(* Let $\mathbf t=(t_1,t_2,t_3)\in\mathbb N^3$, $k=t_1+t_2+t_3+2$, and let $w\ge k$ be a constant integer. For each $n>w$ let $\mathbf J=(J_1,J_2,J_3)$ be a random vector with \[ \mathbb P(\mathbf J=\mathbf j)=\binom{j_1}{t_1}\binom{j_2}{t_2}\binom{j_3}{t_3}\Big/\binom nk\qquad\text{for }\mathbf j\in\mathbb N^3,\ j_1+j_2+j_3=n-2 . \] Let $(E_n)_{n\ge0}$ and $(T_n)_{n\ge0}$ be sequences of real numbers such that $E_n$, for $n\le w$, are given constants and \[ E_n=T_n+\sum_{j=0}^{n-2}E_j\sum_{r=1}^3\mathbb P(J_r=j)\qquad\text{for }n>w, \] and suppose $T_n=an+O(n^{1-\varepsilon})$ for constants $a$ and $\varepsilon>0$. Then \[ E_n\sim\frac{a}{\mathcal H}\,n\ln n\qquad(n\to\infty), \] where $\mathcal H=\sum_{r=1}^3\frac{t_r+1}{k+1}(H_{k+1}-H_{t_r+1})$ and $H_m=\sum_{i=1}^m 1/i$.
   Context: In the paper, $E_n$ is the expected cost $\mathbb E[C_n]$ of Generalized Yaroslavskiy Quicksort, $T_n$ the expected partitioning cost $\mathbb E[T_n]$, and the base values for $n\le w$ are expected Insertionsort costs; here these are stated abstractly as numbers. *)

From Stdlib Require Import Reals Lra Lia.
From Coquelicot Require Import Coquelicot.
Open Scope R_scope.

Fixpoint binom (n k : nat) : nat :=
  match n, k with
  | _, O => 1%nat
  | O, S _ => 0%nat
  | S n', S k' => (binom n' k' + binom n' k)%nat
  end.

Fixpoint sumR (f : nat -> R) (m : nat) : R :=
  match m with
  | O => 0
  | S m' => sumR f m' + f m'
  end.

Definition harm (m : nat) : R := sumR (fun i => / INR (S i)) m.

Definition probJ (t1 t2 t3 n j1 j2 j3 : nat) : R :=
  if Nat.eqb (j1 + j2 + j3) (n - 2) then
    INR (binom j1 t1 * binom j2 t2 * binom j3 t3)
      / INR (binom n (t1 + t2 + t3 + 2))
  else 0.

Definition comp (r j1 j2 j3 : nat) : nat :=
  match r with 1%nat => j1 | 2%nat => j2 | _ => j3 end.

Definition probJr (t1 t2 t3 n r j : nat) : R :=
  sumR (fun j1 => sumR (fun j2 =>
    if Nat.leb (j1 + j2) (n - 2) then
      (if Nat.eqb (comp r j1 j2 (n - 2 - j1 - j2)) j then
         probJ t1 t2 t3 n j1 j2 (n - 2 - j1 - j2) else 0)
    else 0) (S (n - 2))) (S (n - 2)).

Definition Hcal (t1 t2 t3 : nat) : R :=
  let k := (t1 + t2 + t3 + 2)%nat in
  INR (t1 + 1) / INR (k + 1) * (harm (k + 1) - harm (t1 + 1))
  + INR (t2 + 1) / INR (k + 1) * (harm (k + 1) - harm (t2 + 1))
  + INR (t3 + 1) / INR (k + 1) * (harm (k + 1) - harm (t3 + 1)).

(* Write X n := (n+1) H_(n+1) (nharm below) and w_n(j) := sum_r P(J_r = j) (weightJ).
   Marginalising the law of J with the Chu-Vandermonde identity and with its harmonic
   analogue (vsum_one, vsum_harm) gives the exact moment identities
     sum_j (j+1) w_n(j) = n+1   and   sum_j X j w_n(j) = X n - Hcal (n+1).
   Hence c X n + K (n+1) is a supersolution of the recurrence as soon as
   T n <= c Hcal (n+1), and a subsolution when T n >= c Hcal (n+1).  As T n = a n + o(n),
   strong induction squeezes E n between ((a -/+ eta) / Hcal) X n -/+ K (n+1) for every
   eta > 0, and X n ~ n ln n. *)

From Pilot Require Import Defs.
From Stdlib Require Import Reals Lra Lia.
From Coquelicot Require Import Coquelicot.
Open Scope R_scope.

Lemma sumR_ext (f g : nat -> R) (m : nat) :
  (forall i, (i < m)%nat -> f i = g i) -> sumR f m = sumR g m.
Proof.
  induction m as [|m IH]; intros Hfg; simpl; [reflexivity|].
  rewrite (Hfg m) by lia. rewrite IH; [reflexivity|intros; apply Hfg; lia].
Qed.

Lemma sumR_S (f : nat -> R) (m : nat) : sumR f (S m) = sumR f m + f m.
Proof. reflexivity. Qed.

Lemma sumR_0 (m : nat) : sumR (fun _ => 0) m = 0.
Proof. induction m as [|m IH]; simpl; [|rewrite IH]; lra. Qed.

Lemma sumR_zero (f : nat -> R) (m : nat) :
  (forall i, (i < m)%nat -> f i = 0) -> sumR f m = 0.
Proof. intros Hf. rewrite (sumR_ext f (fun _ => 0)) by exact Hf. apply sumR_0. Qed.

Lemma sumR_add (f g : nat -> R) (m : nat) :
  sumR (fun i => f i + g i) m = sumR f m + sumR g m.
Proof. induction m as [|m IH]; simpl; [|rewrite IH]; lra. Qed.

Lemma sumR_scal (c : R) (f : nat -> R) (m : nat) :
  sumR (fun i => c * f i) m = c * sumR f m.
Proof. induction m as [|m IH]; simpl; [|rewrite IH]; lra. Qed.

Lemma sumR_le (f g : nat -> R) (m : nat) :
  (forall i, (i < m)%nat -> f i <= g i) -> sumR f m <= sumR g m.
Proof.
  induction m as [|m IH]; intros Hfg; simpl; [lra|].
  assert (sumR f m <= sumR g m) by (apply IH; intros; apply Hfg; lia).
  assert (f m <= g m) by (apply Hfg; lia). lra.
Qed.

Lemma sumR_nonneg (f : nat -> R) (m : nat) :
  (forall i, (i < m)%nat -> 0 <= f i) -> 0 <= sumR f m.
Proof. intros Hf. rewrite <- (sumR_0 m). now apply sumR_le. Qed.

* * *

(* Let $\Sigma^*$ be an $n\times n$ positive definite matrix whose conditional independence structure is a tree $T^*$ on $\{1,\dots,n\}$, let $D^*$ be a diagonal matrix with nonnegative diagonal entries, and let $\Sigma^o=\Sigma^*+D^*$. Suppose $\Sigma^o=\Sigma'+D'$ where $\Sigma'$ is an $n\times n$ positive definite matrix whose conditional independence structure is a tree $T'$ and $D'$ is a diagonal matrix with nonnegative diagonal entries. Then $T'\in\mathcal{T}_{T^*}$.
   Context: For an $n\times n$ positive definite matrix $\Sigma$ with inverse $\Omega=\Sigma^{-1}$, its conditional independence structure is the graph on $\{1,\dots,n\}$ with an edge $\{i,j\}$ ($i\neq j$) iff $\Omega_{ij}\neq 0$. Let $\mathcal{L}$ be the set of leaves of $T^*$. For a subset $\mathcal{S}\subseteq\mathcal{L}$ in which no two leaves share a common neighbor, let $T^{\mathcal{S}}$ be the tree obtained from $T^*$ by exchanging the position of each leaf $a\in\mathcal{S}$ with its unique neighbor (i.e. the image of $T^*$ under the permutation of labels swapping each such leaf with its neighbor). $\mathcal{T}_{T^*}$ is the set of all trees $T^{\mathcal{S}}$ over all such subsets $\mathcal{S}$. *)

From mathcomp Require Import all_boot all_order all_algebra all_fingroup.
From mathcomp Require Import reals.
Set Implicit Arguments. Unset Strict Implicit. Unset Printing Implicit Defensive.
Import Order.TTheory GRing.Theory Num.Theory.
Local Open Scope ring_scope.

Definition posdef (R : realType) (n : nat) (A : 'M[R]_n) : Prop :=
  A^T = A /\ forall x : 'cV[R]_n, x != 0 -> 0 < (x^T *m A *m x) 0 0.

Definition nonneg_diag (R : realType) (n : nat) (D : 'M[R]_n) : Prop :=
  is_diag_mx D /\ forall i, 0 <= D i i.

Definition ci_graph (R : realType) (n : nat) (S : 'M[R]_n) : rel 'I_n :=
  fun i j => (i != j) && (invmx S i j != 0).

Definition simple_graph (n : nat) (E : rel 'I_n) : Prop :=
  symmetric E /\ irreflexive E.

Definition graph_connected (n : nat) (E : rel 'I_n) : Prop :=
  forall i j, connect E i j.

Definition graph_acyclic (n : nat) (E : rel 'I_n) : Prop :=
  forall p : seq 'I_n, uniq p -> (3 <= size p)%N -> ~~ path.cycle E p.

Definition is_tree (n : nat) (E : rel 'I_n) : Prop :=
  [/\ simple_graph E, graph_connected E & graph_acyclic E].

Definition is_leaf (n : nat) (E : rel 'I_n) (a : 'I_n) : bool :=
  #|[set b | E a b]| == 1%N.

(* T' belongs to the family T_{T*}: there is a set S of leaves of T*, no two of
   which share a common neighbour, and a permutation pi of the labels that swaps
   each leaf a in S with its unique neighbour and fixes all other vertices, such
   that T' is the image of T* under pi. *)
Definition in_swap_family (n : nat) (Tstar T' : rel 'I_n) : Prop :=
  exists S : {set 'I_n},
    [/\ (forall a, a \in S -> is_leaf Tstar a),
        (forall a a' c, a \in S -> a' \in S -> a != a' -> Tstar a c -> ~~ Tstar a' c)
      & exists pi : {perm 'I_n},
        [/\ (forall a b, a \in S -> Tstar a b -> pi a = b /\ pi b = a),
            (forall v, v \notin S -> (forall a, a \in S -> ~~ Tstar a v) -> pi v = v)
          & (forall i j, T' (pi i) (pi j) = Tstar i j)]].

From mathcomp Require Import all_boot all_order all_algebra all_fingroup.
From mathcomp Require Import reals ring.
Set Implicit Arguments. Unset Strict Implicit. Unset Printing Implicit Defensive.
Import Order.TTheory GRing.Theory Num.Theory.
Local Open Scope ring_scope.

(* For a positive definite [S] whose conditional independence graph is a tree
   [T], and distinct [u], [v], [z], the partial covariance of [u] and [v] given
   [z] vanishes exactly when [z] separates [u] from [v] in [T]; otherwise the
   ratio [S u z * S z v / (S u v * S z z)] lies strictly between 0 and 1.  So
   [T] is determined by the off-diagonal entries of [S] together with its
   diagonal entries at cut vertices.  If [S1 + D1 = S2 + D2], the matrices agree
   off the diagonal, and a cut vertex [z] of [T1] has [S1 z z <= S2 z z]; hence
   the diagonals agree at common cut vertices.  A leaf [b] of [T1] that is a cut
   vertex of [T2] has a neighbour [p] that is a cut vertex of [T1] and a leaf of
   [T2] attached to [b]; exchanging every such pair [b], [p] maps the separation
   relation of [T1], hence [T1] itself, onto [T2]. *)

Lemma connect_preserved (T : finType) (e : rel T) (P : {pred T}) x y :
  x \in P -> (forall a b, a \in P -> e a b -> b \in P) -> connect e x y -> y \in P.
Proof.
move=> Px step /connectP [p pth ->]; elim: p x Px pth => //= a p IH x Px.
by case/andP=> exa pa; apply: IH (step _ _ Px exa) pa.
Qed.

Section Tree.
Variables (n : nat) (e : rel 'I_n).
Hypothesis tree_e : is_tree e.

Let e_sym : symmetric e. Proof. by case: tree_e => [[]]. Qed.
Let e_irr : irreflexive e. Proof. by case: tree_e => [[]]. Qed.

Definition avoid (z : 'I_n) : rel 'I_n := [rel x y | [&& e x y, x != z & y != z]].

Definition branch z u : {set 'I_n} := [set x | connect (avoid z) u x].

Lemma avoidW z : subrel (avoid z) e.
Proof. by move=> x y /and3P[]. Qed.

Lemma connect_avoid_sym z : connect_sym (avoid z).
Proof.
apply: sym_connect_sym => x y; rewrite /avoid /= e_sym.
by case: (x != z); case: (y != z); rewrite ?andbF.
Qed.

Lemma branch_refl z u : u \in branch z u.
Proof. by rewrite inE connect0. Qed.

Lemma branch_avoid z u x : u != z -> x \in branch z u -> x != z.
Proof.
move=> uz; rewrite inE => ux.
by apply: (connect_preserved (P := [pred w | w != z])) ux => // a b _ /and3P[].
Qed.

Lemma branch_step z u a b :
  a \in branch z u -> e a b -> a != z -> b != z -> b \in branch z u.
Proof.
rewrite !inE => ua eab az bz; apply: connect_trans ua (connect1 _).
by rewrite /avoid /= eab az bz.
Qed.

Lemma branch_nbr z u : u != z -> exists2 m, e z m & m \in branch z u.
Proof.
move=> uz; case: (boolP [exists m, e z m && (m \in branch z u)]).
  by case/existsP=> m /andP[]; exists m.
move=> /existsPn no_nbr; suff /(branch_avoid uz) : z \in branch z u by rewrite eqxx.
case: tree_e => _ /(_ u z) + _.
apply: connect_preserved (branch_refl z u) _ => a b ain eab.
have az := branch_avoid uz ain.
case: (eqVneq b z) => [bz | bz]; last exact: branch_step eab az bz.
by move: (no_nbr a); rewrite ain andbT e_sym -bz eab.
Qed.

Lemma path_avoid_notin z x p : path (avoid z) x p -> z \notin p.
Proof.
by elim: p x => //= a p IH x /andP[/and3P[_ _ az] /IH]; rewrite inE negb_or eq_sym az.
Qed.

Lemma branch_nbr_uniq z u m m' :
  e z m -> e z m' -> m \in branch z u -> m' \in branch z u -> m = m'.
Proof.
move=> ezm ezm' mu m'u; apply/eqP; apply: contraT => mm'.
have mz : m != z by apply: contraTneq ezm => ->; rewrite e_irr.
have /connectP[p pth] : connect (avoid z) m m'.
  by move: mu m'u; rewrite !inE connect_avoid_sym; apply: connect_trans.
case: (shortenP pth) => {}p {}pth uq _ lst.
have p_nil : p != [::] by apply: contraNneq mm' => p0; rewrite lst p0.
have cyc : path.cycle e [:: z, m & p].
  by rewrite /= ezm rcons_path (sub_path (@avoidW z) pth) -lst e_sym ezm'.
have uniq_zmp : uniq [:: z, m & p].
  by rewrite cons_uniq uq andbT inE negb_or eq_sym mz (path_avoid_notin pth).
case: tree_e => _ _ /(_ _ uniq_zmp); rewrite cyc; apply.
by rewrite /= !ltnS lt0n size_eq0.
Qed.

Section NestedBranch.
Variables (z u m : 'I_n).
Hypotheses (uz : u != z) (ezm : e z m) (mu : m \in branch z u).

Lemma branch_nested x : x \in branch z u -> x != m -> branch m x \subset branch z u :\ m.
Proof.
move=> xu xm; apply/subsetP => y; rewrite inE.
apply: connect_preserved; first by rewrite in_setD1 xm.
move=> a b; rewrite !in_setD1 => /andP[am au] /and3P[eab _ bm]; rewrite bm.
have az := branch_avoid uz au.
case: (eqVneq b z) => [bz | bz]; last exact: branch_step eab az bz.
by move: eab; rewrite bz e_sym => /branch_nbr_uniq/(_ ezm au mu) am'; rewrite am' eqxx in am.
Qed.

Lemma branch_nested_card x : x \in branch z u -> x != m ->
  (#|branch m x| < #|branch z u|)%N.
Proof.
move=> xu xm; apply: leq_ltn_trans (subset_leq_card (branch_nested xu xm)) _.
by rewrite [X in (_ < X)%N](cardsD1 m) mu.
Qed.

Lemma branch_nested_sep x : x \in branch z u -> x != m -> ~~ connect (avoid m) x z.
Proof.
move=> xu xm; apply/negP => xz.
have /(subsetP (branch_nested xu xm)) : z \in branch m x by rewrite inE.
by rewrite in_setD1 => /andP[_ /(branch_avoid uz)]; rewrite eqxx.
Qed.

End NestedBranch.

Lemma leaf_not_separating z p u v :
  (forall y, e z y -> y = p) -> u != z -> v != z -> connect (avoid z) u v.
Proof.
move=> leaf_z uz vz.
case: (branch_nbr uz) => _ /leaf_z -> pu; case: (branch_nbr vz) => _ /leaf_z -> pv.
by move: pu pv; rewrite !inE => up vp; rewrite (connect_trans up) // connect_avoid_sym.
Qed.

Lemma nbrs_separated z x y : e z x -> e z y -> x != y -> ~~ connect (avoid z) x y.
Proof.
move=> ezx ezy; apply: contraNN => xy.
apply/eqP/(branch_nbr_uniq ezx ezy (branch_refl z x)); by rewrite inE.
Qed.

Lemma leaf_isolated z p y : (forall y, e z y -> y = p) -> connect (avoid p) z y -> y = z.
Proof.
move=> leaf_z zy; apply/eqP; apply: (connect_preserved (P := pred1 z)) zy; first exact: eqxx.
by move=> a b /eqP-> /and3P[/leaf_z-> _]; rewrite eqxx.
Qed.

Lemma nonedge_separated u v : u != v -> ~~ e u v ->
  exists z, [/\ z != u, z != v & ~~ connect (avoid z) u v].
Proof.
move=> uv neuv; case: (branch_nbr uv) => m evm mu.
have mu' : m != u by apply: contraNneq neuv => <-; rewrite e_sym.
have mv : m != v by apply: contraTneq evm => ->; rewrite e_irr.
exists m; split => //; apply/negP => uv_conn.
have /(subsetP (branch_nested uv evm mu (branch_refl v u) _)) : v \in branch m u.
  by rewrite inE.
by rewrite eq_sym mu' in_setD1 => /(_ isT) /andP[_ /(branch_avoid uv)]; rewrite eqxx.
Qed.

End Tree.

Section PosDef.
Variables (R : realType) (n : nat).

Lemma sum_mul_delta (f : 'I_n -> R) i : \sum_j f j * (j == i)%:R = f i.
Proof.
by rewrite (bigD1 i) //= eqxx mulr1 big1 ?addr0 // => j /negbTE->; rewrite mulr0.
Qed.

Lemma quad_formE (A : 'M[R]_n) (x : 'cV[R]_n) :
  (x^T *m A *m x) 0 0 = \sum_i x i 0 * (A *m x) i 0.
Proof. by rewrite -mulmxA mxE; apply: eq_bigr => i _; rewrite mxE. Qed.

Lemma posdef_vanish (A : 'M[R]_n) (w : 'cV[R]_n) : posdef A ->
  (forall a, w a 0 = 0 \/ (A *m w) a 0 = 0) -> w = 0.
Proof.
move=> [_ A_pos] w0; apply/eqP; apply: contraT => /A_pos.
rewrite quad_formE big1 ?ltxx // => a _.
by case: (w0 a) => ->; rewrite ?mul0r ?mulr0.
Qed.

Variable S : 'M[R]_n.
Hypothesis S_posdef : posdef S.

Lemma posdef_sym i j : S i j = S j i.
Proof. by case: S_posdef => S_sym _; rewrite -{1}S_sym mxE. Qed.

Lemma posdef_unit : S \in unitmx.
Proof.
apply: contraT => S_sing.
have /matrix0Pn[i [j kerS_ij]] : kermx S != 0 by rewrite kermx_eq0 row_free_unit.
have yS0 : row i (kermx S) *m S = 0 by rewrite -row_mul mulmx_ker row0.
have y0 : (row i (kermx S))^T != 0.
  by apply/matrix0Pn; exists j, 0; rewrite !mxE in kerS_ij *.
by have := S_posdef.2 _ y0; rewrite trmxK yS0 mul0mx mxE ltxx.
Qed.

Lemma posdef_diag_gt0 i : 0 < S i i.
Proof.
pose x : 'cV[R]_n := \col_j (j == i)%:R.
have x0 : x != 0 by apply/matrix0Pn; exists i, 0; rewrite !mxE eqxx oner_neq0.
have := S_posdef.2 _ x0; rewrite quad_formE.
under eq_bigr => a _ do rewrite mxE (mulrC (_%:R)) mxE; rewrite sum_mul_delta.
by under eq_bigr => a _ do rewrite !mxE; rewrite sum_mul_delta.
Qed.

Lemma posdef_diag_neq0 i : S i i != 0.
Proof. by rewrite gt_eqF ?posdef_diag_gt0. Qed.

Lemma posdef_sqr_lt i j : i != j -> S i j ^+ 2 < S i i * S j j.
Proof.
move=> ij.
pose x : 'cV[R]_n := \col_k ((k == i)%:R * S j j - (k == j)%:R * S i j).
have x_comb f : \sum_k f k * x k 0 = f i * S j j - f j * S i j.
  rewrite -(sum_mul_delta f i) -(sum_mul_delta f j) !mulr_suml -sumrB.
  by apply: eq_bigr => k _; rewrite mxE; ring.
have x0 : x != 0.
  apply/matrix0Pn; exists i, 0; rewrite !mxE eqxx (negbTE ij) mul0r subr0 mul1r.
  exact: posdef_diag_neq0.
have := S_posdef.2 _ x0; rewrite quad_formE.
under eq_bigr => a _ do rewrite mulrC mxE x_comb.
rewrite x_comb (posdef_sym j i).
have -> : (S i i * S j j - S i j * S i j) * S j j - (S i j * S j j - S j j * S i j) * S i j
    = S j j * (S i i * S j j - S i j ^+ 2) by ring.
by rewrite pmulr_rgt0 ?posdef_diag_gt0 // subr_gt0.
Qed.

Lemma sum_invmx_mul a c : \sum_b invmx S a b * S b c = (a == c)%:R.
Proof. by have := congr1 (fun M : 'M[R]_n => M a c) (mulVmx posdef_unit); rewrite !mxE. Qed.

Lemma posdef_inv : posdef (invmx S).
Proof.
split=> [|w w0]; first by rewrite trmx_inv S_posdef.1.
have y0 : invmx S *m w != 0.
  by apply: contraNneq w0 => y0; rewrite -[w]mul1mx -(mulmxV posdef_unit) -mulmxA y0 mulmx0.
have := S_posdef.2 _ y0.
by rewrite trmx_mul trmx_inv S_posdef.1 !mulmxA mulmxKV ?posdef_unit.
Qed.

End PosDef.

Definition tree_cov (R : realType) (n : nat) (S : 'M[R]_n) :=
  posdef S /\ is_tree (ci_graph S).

-- YOUR GOAL --
An exact copy of the lines above, from the one containing "(* Let $\mathbf" through the one containing "(if Nat.eqb (comp", is the whole of the answer.

-- REPLY TO THE TASK --
(* Let $\mathbf t=(t_1,t_2,t_3)\in\mathbb N^3$, $k=t_1+t_2+t_3+2$, and let $w\ge k$ be a constant integer. For each $n>w$ let $\mathbf J=(J_1,J_2,J_3)$ be a random vector with \[ \mathbb P(\mathbf J=\mathbf j)=\binom{j_1}{t_1}\binom{j_2}{t_2}\binom{j_3}{t_3}\Big/\binom nk\qquad\text{for }\mathbf j\in\mathbb N^3,\ j_1+j_2+j_3=n-2 . \] Let $(E_n)_{n\ge0}$ and $(T_n)_{n\ge0}$ be sequences of real numbers such that $E_n$, for $n\le w$, are given constants and \[ E_n=T_n+\sum_{j=0}^{n-2}E_j\sum_{r=1}^3\mathbb P(J_r=j)\qquad\text{for }n>w, \] and suppose $T_n=an+O(n^{1-\varepsilon})$ for constants $a$ and $\varepsilon>0$. Then \[ E_n\sim\frac{a}{\mathcal H}\,n\ln n\qquad(n\to\infty), \] where $\mathcal H=\sum_{r=1}^3\frac{t_r+1}{k+1}(H_{k+1}-H_{t_r+1})$ and $H_m=\sum_{i=1}^m 1/i$.
   Context: In the paper, $E_n$ is the expected cost $\mathbb E[C_n]$ of Generalized Yaroslavskiy Quicksort, $T_n$ the expected partitioning cost $\mathbb E[T_n]$, and the base values for $n\le w$ are expected Insertionsort costs; here these are stated abstractly as numbers. *)

From Stdlib Require Import Reals Lra Lia.
From Coquelicot Require Import Coquelicot.
Open Scope R_scope.

Fixpoint binom (n k : nat) : nat :=
  match n, k with
  | _, O => 1%nat
  | O, S _ => 0%nat
  | S n', S k' => (binom n' k' + binom n' k)%nat
  end.

Fixpoint sumR (f : nat -> R) (m : nat) : R :=
  match m with
  | O => 0
  | S m' => sumR f m' + f m'
  end.

Definition harm (m : nat) : R := sumR (fun i => / INR (S i)) m.

Definition probJ (t1 t2 t3 n j1 j2 j3 : nat) : R :=
  if Nat.eqb (j1 + j2 + j3) (n - 2) then
    INR (binom j1 t1 * binom j2 t2 * binom j3 t3)
      / INR (binom n (t1 + t2 + t3 + 2))
  else 0.

Definition comp (r j1 j2 j3 : nat) : nat :=
  match r with 1%nat => j1 | 2%nat => j2 | _ => j3 end.

Definition probJr (t1 t2 t3 n r j : nat) : R :=
  sumR (fun j1 => sumR (fun j2 =>
    if Nat.leb (j1 + j2) (n - 2) then
      (if Nat.eqb (comp r j1 j2 (n - 2 - j1 - j2)) j then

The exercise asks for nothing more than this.